Will be wanting some protective programs on it. Have "Avast" on computer I'm presently using and it is constantly giving me problems wanting me to update to a paid version. What would you suggest I place on this new PC that will protect it and my personal information?


----------



## SLADE (Feb 20, 2004)

motdaugrnds said:


> Just received real surprise for Christmas present, i.e. "ABS Summoner - Ryzen 5 3600 - Radeon RX 590 - 16GB DDR4 3000MHz - 512GB SSD - Gaming Desktop PC" with "ViewSonic VX3216-SCMH-W 32 Inch 1080p 1800R Curved Monitor with Dual Speakers HDMI DVI and VGA"
> 
> Will be wanting some protective programs on it. Have "Avast" on computer I'm presently using and it is constantly giving me problems wanting me to update to a paid version. What would you suggest I place on this new PC that will protect it and my personal information?


Sledge hammer?


----------



## Gary in ohio (May 11, 2002)

What OS does it have.
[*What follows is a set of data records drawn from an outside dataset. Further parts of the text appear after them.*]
Definition covering_map (TG TF : finType) (eG : rel TG) (eF : rel TF)
    (pi : TG -> TF) : Prop :=
  (forall x : TF, exists y : TG, pi y = x) /\
  (forall v : TG,
     {in [set u | eG v u] &, injective pi} /\
     pi @: [set u | eG v u] = [set w | eF (pi v) w]).

Definition k_fold_cover (k : nat) (TG TF : finType) (eG : rel TG) (eF : rel TF)
    : Prop :=
  exists pi : TG -> TF, covering_map eG eF pi /\
    forall x : TF, #|[set y | pi y == x]| = k.

(* Let D be a minimum connected dominating set of F and P its preimage in G,
   of size k |D|. P dominates G, and lifting paths of F[D] shows that every
   component of G[P] meets the fibre over a fixed vertex of D, so G[P] has at
   most k components. As P dominates the connected graph G, some two components
   are joined by a path with at most two inner vertices; adding these merges
   them, and k - 1 such steps give a connected dominating set of size at most
   k |D| + 2 (k - 1).
   For tightness, C_3k is a k-fold cover of K_3: a connected proper subset of a
   cycle is an arc, and a dominating arc misses at most two vertices, so
   gamma_c (C_3k) = 3k - 2 = k (gamma_c (K_3) + 2) - 2. *)

From mathcomp Require Import all_boot order ssralg zmodp zify.
Set Implicit Arguments. Unset Strict Implicit. Unset Printing Implicit Defensive.

Import GRing.Theory.

Lemma connect_fwd_closed (T : finType) (e : rel T) (A : T -> Prop) x y :
  (forall a b, A a -> e a b -> A b) -> connect e x y -> A x -> A y.
Proof.
move=> clA /connectP[p + ->]; elim: p x => //= z p IHp x /andP[exz pz] Ax.
exact: IHp pz (clA _ _ Ax exz).
Qed.

Lemma card_setC2 (T : finType) (a b : T) : a != b -> #|~: [set a; b]| = #|T| - 2.
Proof. by move=> ab; rewrite cardsCs setCK cards2 ab. Qed.

Lemma card_preimset_fibres (A B : finType) (f : A -> B) k (D : {set B}) :
  (forall x, #|[set y | f y == x]| = k) -> #|f @^-1: D| = k * #|D|.
Proof.
move=> fibres.
rewrite -sum1_card (partition_big f (mem D)) => [|y]; last by rewrite inE.
rewrite mulnC -sum_nat_const; apply: eq_bigr => x xD.
rewrite -(fibres x) -sum1_card; apply: eq_bigl => y.
by rewrite !inE; case: eqP => [->|_]; rewrite ?andbT ?andbF.
Qed.

Section Domination.

Variables (T : finType) (e : rel T).
Implicit Types S : {set T}.

(* [minn] is convertible to [Order.min] on [nat]. *)
Lemma gamma_c_le_card S : connected_dominating e S -> gamma_c e <= #|S|.
Proof. exact: (@Order.TotalTheory.bigmin_le_cond _ nat). Qed.

Lemma leq_gamma_c b :
  b <= #|T| -> (forall S, connected_dominating e S -> b <= #|S|) -> b <= gamma_c e.
Proof.
move=> bT bS; apply: (big_ind (leq b)) => // x y le_bx le_by.
by rewrite leq_min le_bx.
Qed.

Lemma connected_dominating_setT : connected_graph e -> connected_dominating e setT.
Proof.
move=> [_ conn]; apply/andP; split; first by apply/forallP => v; rewrite in_setT.
apply/forallP => x; apply/implyP => _; apply/forallP => y; apply/implyP => _.
apply: connect_sub (conn x y) => a b ab.
by apply: connect1; rewrite /induced_rel /= !in_setT.
Qed.

Lemma gamma_c_witness :
  connected_graph e -> exists2 S, connected_dominating e S & #|S| = gamma_c e.
Proof.
move=> conn.
apply: (big_ind (fun m => exists2 S, connected_dominating e S & #|S| = m)).
- by exists setT; [exact: connected_dominating_setT | rewrite cardsT].
- move=> _ _ [S1 cd1 <-] [S2 cd2 <-]; rewrite /minn.
  by case: ltnP => _; [exists S1 | exists S2].
- by move=> S cdS; exists S.
Qed.

Lemma dominating_card_gt0 S : 0 < #|T| -> dominating e S -> 0 < #|S|.
Proof.
case/card_gt0P=> v _ /forallP/(_ v)/orP[vS | /existsP[u /andP[uS _]]];
  by apply/card_gt0P; eexists; eassumption.
Qed.

Lemma dominating_subset S S' : S \subset S' -> dominating e S -> dominating e S'.
Proof.
move=> sSS' /forallP domS; apply/forallP => v.
case/orP: (domS v) => [vS | /existsP[u /andP[uS vu]]]; first by rewrite (subsetP sSS').
by apply/orP; right; apply/existsP; exists u; rewrite (subsetP sSS') ?vu.
Qed.

Lemma induced_rel_sym S : symmetric e -> symmetric (induced_rel e S).
Proof. by move=> sym x y; rewrite /induced_rel /= sym andbCA. Qed.

Lemma connect_induced_subset S S' x y : S \subset S' ->
  connect (induced_rel e S) x y -> connect (induced_rel e S') x y.
Proof.
move=> sSS'; apply: connect_sub => a b /and3P[aS bS ab].
by apply: connect1; rewrite /induced_rel /= !(subsetP sSS') ?ab.
Qed.

Lemma connected_dominating_preimset (f : T -> T) S :
    bijective f -> (forall x y, e (f x) (f y) = e x y) ->
  connected_dominating e S -> connected_dominating e (f @^-1: S).
Proof.
move=> [g fK gK] ef /andP[/forallP domS /forallP connS]; apply/andP; split.
  apply/forallP => v; rewrite inE.
  case/orP: (domS (f v)) => [-> // | /existsP[u /andP[uS vu]]].
  by apply/orP; right; apply/existsP; exists (g u); rewrite inE gK uS -ef gK.
apply/forallP => x; apply/implyP; rewrite inE => xS.
apply/forallP => y; apply/implyP; rewrite inE => yS.
have /forallP/(_ (f y))/implyP/(_ yS) fx_fy := implyP (connS (f x)) xS.
pose reached z := connect (induced_rel e (f @^-1: S)) x (g z).
have := connect_fwd_closed (A := reached) _ fx_fy; rewrite /reached !fK.
apply=> [a b x_a /and3P[aS bS ab] |]; last exact: connect0.
apply: connect_trans x_a (connect1 _).
by rewrite /induced_rel /= !inE !gK aS bS -ef !gK.
Qed.

End Domination.

Section Components.

Variables (T : finType) (e : rel T).
Hypotheses (e_sym : symmetric e) (e_conn : connected_graph e).
Implicit Types S R C : {set T}.

Definition near x y := (x == y) || e x y.

Lemma near_sym : symmetric near.
Proof. by move=> x y; rewrite /near eq_sym e_sym. Qed.

Lemma connect_near S x y :
  x \in S -> y \in S -> near x y -> connect (induced_rel e S) x y.
Proof.
move=> xS yS /orP[/eqP-> | xy]; first exact: connect0.
by apply: connect1; rewrite /induced_rel /= xS yS.
Qed.

Let induced_connect_sym S := sym_connect_sym (induced_rel_sym S e_sym).

Definition components_meet S R :=
  forall s, s \in S -> exists2 r, r \in R & connect (induced_rel e S) r s.

Lemma components_meet_connected S R :
  #|R| <= 1 -> components_meet S R -> induced_connected e S.
Proof.
move=> R_le1 meetSR; apply/forallP => x; apply/implyP => xS.
apply/forallP => y; apply/implyP => yS.
have [rx rxR rx_x] := meetSR x xS; have [ry ryR ry_y] := meetSR y yS.
have rxy : ry = rx := card_le1_eqP R_le1 _ _ rxR ryR.
rewrite -rxy induced_connect_sym in rx_x.
exact: connect_trans rx_x ry_y.
Qed.

(* Every vertex is near C or near S :\: C, so a walk from c to d steps from a
   vertex near C to a vertex near S :\: C. *)
Lemma dominating_bridge S C c d : dominating e S -> c \in C -> d \in S :\: C ->
  exists a x y b, [/\ a \in C, b \in S :\: C, near a x, near x y & near y b].
Proof.
move=> /forallP domS cC dD.
pose nearC z := [exists a in C, near a z].
pose nearD z := [exists b in S :\: C, near z b].
suff /existsP[x /existsP[y /and3P[/existsP[a /andP[aC ax]] xy]]] :
    [exists x, exists y, [&& nearC x, near x y & nearD y]].
  by case/existsP=> b /andP[bD yb]; exists a, x, y, b.
apply: contraT => no_bridge.
have closedC z w : nearC z -> e z w -> nearC w.
  move=> Cz zw; have [s sS ws] : exists2 s, s \in S & near w s.
    case/orP: (domS w) => [wS | /existsP[s /andP[sS ws]]].
      by exists w; rewrite /near ?eqxx.
    by exists s; rewrite /near ?ws ?orbT.
  have [sC | sNC] := boolP (s \in C); first by apply/existsP; exists s; rewrite sC near_sym.
  case/negP: no_bridge; apply/existsP; exists z; apply/existsP; exists w.
  by rewrite Cz /near zw orbT; apply/existsP; exists s; rewrite !inE sNC sS.
have Cd : nearC d.
  apply: connect_fwd_closed closedC (e_conn.2 c d) _.
  by apply/existsP; exists c; rewrite cC /near eqxx.
case/negP: no_bridge; apply/existsP; exists d; apply/existsP; exists d.
by rewrite Cd /near eqxx; apply/existsP; exists d; rewrite dD /near eqxx.
Qed.

Lemma components_meet_merge S S' R r r' :
    components_meet S R -> S \subset S' -> r \in R -> r != r' ->
    connect (induced_rel e S') r r' ->
    (forall s, s \in S' -> s \notin S -> connect (induced_rel e S') r s) ->
  components_meet S' (R :\ r').
Proof.
move=> meetSR sSS' rR rr' r_r' new s s_S'.
have rR' : r \in R :\ r' by rewrite !inE rr' rR.
have [sS | sNS] := boolP (s \in S); last by exists r; last exact: new.
have [q qR /(connect_induced_subset sSS') q_s] := meetSR s sS.
have [qr' | qr'] := eqVneq q r'; last by exists q; rewrite // !inE qr' qR.
by exists r => //; apply: connect_trans r_r' _; rewrite -qr'.
Qed.

Lemma components_meet_grow S R :
    dominating e S -> components_meet S R -> ~~ induced_connected e S ->
  exists S' R', [/\ dominating e S', components_meet S' R',
                    #|S'| <= #|S| + 2 & #|R'| < #|R|].
Proof.
move=> domS meetSR /forallPn[x0]; rewrite negb_imply => /andP[x0S /forallPn[y0]].
rewrite negb_imply => /andP[y0S not_x0_y0].
have [r rR r_x0] := meetSR x0 x0S.
pose C := [set s in S | connect (induced_rel e S) r s].
have x0C : x0 \in C by rewrite inE x0S r_x0.
have y0D : y0 \in S :\: C.
  rewrite !inE y0S andbT; apply: contra not_x0_y0 => r_y0.
  by rewrite induced_connect_sym in r_x0; exact: connect_trans r_x0 r_y0.
have [a [x [y [b [aC bD ax xy yb]]]]] := dominating_bridge domS x0C y0D.
move: aC bD; rewrite !inE => /andP[aS r_a] /andP[bNC bS].
have [r' r'R r'_b] := meetSR b bS.
have rr' : r != r'.
  by apply: contraNneq bNC => ->; rewrite bS.
pose S' := S :|: [set x; y].
have sSS' : S \subset S' := subsetUl S _.
have [xS' yS'] : x \in S' /\ y \in S' by rewrite !inE !eqxx !orbT.
have r_x : connect (induced_rel e S') r x.
  apply: connect_trans (connect_induced_subset sSS' r_a) (connect_near _ xS' ax).
  exact: (subsetP sSS').
have r_y : connect (induced_rel e S') r y := connect_trans r_x (connect_near xS' yS' xy).
have r_r' : connect (induced_rel e S') r r'.
  apply: connect_trans r_y (connect_trans (connect_near yS' (subsetP sSS' _ bS) yb) _).
  by rewrite induced_connect_sym; exact: connect_induced_subset sSS' r'_b.
exists S', (R :\ r'); split.
- exact: dominating_subset sSS' domS.
- apply: components_meet_merge meetSR sSS' rR rr' r_r' _ => s.
  by rewrite !inE => /orP[-> // | /orP[] /eqP->].
- by rewrite (leq_trans (leq_card_setU _ _)) // leq_add2l cards2; case: (x != y).
- by rewrite (cardsD1 r' R) r'R.
Qed.

Lemma gamma_c_le_components n S R :
    #|R| <= n.+1 -> dominating e S -> components_meet S R ->
  gamma_c e <= #|S| + 2 * n.
Proof.
elim: n S R => [|n IHn] S R R_le domS meetSR.
  have conS := components_meet_connected R_le meetSR.
  by rewrite muln0 addn0 gamma_c_le_card // /connected_dominating domS conS.
have [conS | disS] := boolP (induced_connected e S).
  apply: leq_trans (leq_addr (2 * n.+1) _); apply: gamma_c_le_card.
  by rewrite /connected_dominating domS conS.
have [S' [R' [domS' meetS'R' S'_le R'_lt]]] := components_meet_grow domS meetSR disS.
have R'_le : #|R'| <= n.+1 by rewrite -ltnS (leq_trans R'_lt R_le).
by apply: leq_trans (IHn S' R' R'_le domS' meetS'R') _; lia.
Qed.

End Components.

Section CoveringMap.

Variables (TG TF : finType) (eG : rel TG) (eF : rel TF) (pi : TG -> TF).
Hypothesis pi_cover : covering_map eG eF pi.
Implicit Types D : {set TF}.

Lemma covering_map_lift v w : eF (pi v) w -> exists2 u, eG v u & pi u = w.
Proof.
move=> vw; have : w \in [set w | eF (pi v) w] by rewrite inE.
by rewrite -(pi_cover.2 v).2 => /imsetP[u]; rewrite inE => vu ->; exists u.
Qed.

Lemma dominating_preimset D : dominating eF D -> dominating eG (pi @^-1: D).
Proof.
move=> /forallP domD; apply/forallP => v; rewrite inE.
case/orP: (domD (pi v)) => [-> // | /existsP[w /andP[wD vw]]].
have [u vu uw] := covering_map_lift vw.
by apply/orP; right; apply/existsP; exists u; rewrite inE uw wD.
Qed.

Lemma connect_lift D y z : connect (induced_rel eF D) (pi y) z ->
  exists2 y', pi y' = z & connect (induced_rel eG (pi @^-1: D)) y y'.
Proof.
pose lifts z := exists2 y', pi y' = z & connect (induced_rel eG (pi @^-1: D)) y y'.
move=> y_z; apply: (connect_fwd_closed (A := lifts) _ y_z); last by exists y.
move=> _ w [y' <- y_y'] /and3P[y'D wD y'w].
have [u y'u uw] := covering_map_lift y'w.
exists u => //; apply: connect_trans y_y' (connect1 _).
by rewrite /induced_rel /= !inE y'D uw wD y'u.
Qed.

Lemma components_meet_preimset D d :
    symmetric eG -> induced_connected eF D -> d \in D ->
  components_meet eG (pi @^-1: D) [set y | pi y == d].
Proof.
move=> eG_sym /forallP connD dD s; rewrite inE => sD.
move/implyP: (connD (pi s)) => /(_ sD)/forallP/(_ d)/implyP/(_ dD).
case/connect_lift => y' y'd s_y'; exists y'; first by rewrite inE y'd.
by rewrite (sym_connect_sym (induced_rel_sym _ eG_sym)).
Qed.

End CoveringMap.

Lemma gamma_c_cover_le k (TF TG : finType) (eF : rel TF) (eG : rel TG) :
    symmetric eG -> connected_graph eF -> connected_graph eG ->
    k_fold_cover k eG eF ->
  gamma_c eG <= k * (gamma_c eF + 2) - 2.
Proof.
move=> eG_sym eF_conn eG_conn [pi [pi_cover fibres]].
have [D /andP[domD connD] <-] := gamma_c_witness eF_conn.
have /card_gt0P[d dD] := dominating_card_gt0 eF_conn.1 domD.
have := gamma_c_le_components eG_sym eG_conn (n := k.-1) _
  (dominating_preimset pi_cover domD)
  (components_meet_preimset pi_cover eG_sym connD dD).
rewrite fibres (card_preimset_fibres _ fibres) => /(_ (leqSpred k)).
by case: k {fibres} => /=; lia.
Qed.

(* The cycle C_(n+3): the Cayley graph of Z/(n+3) = 'I_n.+3 with generator 1. *)
Definition cycle_graph n : rel 'I_n.+3 :=
  fun x y => (y == x + 1)%R || (x == y + 1)%R.
Arguments cycle_graph : clear implicits.

Section Cycle.

Variable n : nat.
Local Notation C := (cycle_graph n).
Implicit Types (v x y z r b : 'I_n.+3) (S : {set 'I_n.+3}).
If its windows 10 use defender.


----------



## motdaugrnds (Jul 3, 2002)

SRSLADE why would you make such a suggestion? Is it a bad computer to have?

Gary it is a Windows 10 Home 64-bit


----------



## Nevada (Sep 9, 2004)

motdaugrnds said:


> Will be wanting some protective programs on it. Have "Avast" on computer I'm presently using and it is constantly giving me problems wanting me to update to a paid version.


Avast Free is pretty good protection. You shouldn't need the paid version. 

I use Avast Free and I don't get nagging requests. Just keep in mind that it needs to be updated, but that happens automatically in the background.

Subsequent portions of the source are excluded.